Theorem mainTheorem6 (d : nat) (M M0 M1 : pt d -> Prop) (F : pt d -> pt d)
  (HMclosed : closed_in_Rd M)
  (HFmaps : forall x, M x -> M (F x))
  (HFcont : cont_on_set M F)
  (HFbdd : exists B, forall x, M x -> edist (F x) zero_pt <= B)
  (HMsplit : forall x, M x <-> (M0 x \/ M1 x))
  (HMdisj : forall x, ~ (M0 x /\ M1 x))
  (HM0closed : closed_in_Rd M0)
  (HF0 : forall x, M0 x -> M0 (F x))
  (HF1 : forall x, M1 x -> M1 (F x))
  (v : nat) (K : nat -> pt d -> Prop)
  (HKbasic : forall i, lt i v -> ap_basic_class M M0 F (K i))
  (HKin1 : forall i, lt i v -> forall x, K i x -> M1 x)
  (HKdistinct : forall i j, lt i v -> lt j v -> i <> j -> ~ (forall x, K i x <-> K j x))
  (HKall : forall C, ap_basic_class M M0 F C -> (forall x, C x -> M1 x) ->
             exists i, lt i v /\ forall x, C x <-> K i x)
  (HKclosed : forall i, lt i v -> closed_in_Rd (K i)) :
  (exists theta0, 0 < theta0 /\
     forall theta, 0 < theta -> theta < theta0 ->
     exists delta, 0 < delta /\ delta < theta /\
       forall (i i' : nat) (xi : nat -> pt d) (n j : nat),
         lt i v -> lt i' v ->
         ap_pseudoorbit M M0 F delta xi n ->
         dist_set_lt (xi O) (K i) delta ->
         dist_set_lt (xi n) (K i') delta ->
         le 1 j -> le j n -> dist_set_gt (xi j) (K i) theta ->
         i <> i' /\ class_ap_le M M0 F (K i) (K i'))
  /\
  (forall delta', 0 < delta' ->
     exists delta n0, 0 < delta /\ delta < delta' /\ le 1 n0 /\
       forall (xi : nat -> pt d) (n : nat),
         ap_pseudoorbit M M0 F delta xi n -> lt n0 n ->
         exists j, le j n /\ ap_nbhd M delta' (R_ap M M0 F) (xi j)).
Proof.
  assert (HF1' : forall x, M x -> ~ M0 x -> ~ M0 (F x)).
  { intros x Hx Hx0 HFx0. apply HMsplit in Hx as [Hx|Hx]; [contradiction|].
    apply (HMdisj (F x)). auto. }
  assert (HKout : forall i, lt i v -> forall x, K i x -> M x /\ ~ M0 x).
  { intros i Hi x Hx. pose proof (HKin1 i Hi x Hx). split; [apply HMsplit; auto|].
    intros Hx0. apply (HMdisj x). auto. }
  destruct HFbdd as [B HB].
  assert (HB' : forall x, M x -> sdist (F x) zero_pt <= B).
  { intros x Hx. eapply Rle_trans; [apply sdist_le_edist|auto]. }
  split.
  - exact (excursions_between_classes d M M0 F HMclosed HFcont HM0closed HF1' B HB'
             v K HKbasic HKout HKclosed).
  - exact (pseudoorbits_visit_R_ap_nbhd d M M0 F HMclosed HFmaps HFcont HM0closed HF0 B HB').
Qed.
(* For an integer $k\ge1$, let $T_k$ be a complete ternary tree of height $k-1$ with root $r_k$ (so for $k=1$, $T_k$ is the single vertex $r_k$, which is also its unique leaf), and let $G_k^*$ be the multigraph obtained from $T_k$ by adding a new vertex $a_k$, one edge $a_kr_k$, and three parallel edges between $a_k$ and each leaf of $T_k$. Then $\mathrm{pw}(G_k^* )\ge k$ for every $k\ge 1$.
   Context: The height of a rooted tree is the maximum number of edges on a root-to-leaf path; a complete ternary tree of height $h$ is the rooted tree in which every non-leaf vertex has exactly three children and all leaves are at distance $h$ from the root. A path-decomposition of a multigraph $H$ is a sequence $(X_0,\dots,X_s)$ of subsets of $V(H)$ such that for each vertex $v$ the indices $i$ with $v\in X_i$ form a non-empty interval, and each edge has both ends in some $X_i$; its width is $\max_i|X_i|-1$, and the pathwidth $\mathrm{pw}(H)$ is the minimum width of a path-decomposition. *)

From HB Require Import structures.
From mathcomp Require Import all_boot.
Set Implicit Arguments. Unset Strict Implicit. Unset Printing Implicit Defensive.

(* A finite multigraph: a finite vertex type V together with a list of edges
   (pairs of endpoints); repeated entries in the list are parallel edges. *)

Definition is_path_decomposition (V : finType) (E : seq (V * V))
    (X : seq {set V}) : Prop :=
  [/\ 0 < size X,
      (forall v : V, exists2 i, i < size X & v \in nth set0 X i),
      (forall (v : V) (i j l : nat), i <= j -> j <= l -> l < size X ->
          v \in nth set0 X i -> v \in nth set0 X l -> v \in nth set0 X j) &
      (forall e, e \in E -> exists2 i, i < size X &
          (e.1 \in nth set0 X i) && (e.2 \in nth set0 X i))].

Definition pd_width (V : finType) (X : seq {set V}) : nat :=
  (\max_(B <- X) #|B|) - 1.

• • • • •

(WORK INSTRUCTION):
Print out each record above exactly, with nothing omitted.

(RESPONSE AREA):
Theorem mainTheorem6 (d : nat) (M M0 M1 : pt d -> Prop) (F : pt d -> pt d)
  (HMclosed : closed_in_Rd M)
  (HFmaps : forall x, M x -> M (F x))
  (HFcont : cont_on_set M F)
  (HFbdd : exists B, forall x, M x -> edist (F x) zero_pt <= B)
  (HMsplit : forall x, M x <-> (M0 x \/ M1 x))
  (HMdisj : forall x, ~ (M0 x /\ M1 x))
  (HM0closed : closed_in_Rd M0)
  (HF0 : forall x, M0 x -> M0 (F x))
  (HF1 : forall x, M1 x -> M1 (F x))
  (v : nat) (K : nat -> pt d -> Prop)
  (HKbasic : forall i, lt i v -> ap_basic_class M M0 F (K i))
  (HKin1 : forall i, lt i v -> forall x, K i x -> M1 x)
  (HKdistinct : forall i j, lt i v -> lt j v -> i <> j -> ~ (forall x, K i x <-> K j x))
  (HKall : forall C, ap_basic_class M M0 F C -> (forall x, C x -> M1 x) ->
             exists i, lt i v /\ forall x, C x <-> K i x)
  (HKclosed : forall i, lt i v -> closed_in_Rd (K i)) :
  (exists theta0, 0 < theta0 /\
     forall theta, 0 < theta -> theta < theta0 ->
     exists delta, 0 < delta /\ delta < theta /\
       forall (i i' : nat) (xi : nat -> pt d) (n j : nat),
         lt i v -> lt i' v ->
         ap_pseudoorbit M M0 F delta xi n ->
         dist_set_lt (xi O) (K i) delta ->
         dist_set_lt (xi n) (K i') delta ->
         le 1 j -> le j n -> dist_set_gt (xi j) (K i) theta ->
         i <> i' /\ class_ap_le M M0 F (K i) (K i'))
  /\
  (forall delta', 0 < delta' ->
     exists delta n0, 0 < delta /\ delta < delta' /\ le 1 n0 /\
       forall (xi : nat -> pt d) (n : nat),
         ap_pseudoorbit M M0 F delta xi n -> lt n0 n ->
         exists j, le j n /\ ap_nbhd M delta' (R_ap M M0 F) (xi j)).
Proof.
  assert (HF1' : forall x, M x -> ~ M0 x -> ~ M0 (F x)).
  { intros x Hx Hx0 HFx0. apply HMsplit in Hx as [Hx|Hx]; [contradiction|].
    apply (HMdisj (F x)). auto. }
  assert (HKout : forall i, lt i v -> forall x, K i x -> M x /\ ~ M0 x).
  { intros i Hi x Hx. pose proof (HKin1 i Hi x Hx). split; [apply HMsplit; auto|].
    intros Hx0. apply (HMdisj x). auto. }
  destruct HFbdd as [B HB].
  assert (HB' : forall x, M x -> sdist (F x) zero_pt <= B).
  { intros x Hx. eapply Rle_trans; [apply sdist_le_edist|auto]. }
  split.
  - exact (excursions_between_classes d M M0 F HMclosed HFcont HM0closed HF1' B HB'
             v K HKbasic HKout HKclosed).
  - exact (pseudoorbits_visit_R_ap_nbhd d M M0 F HMclosed HFmaps HFcont HM0closed HF0 B HB').
Qed.
(* For an integer $k\ge1$, let $T_k$ be a complete ternary tree of height $k-1$ with root $r_k$ (so for $k=1$, $T_k$ is the single vertex $r_k$, which is also its unique leaf), and let $G_k^*$ be the multigraph obtained from $T_k$ by adding a new vertex $a_k$, one edge $a_kr_k$, and three parallel edges between $a_k$ and each leaf of $T_k$. Then $\mathrm{pw}(G_k^* )\ge k$ for every $k\ge 1$.
   Context: The height of a rooted tree is the maximum number of edges on a root-to-leaf path; a complete ternary tree of height $h$ is the rooted tree in which every non-leaf vertex has exactly three children and all leaves are at distance $h$ from the root. A path-decomposition of a multigraph $H$ is a sequence $(X_0,\dots,X_s)$ of subsets of $V(H)$ such that for each vertex $v$ the indices $i$ with $v\in X_i$ form a non-empty interval, and each edge has both ends in some $X_i$; its width is $\max_i|X_i|-1$, and the pathwidth $\mathrm{pw}(H)$ is the minimum width of a path-decomposition. *)

From HB Require Import structures.
From mathcomp Require Import all_boot.
Set Implicit Arguments. Unset Strict Implicit. Unset Printing Implicit Defensive.

(* A finite multigraph: a finite vertex type V together with a list of edges
   (pairs of endpoints); repeated entries in the list are parallel edges. *)

Definition is_path_decomposition (V : finType) (E : seq (V * V))
    (X : seq {set V}) : Prop :=
  [/\ 0 < size X,
      (forall v : V, exists2 i, i < size X & v \in nth set0 X i),
      (forall (v : V) (i j l : nat), i <= j -> j <= l -> l < size X ->
          v \in nth set0 X i -> v \in nth set0 X l -> v \in nth set0 X j) &
      (forall e, e \in E -> exists2 i, i < size X &
          (e.1 \in nth set0 X i) && (e.2 \in nth set0 X i))].

Definition pd_width (V : finType) (X : seq {set V}) : nat :=
  (\max_(B <- X) #|B|) - 1.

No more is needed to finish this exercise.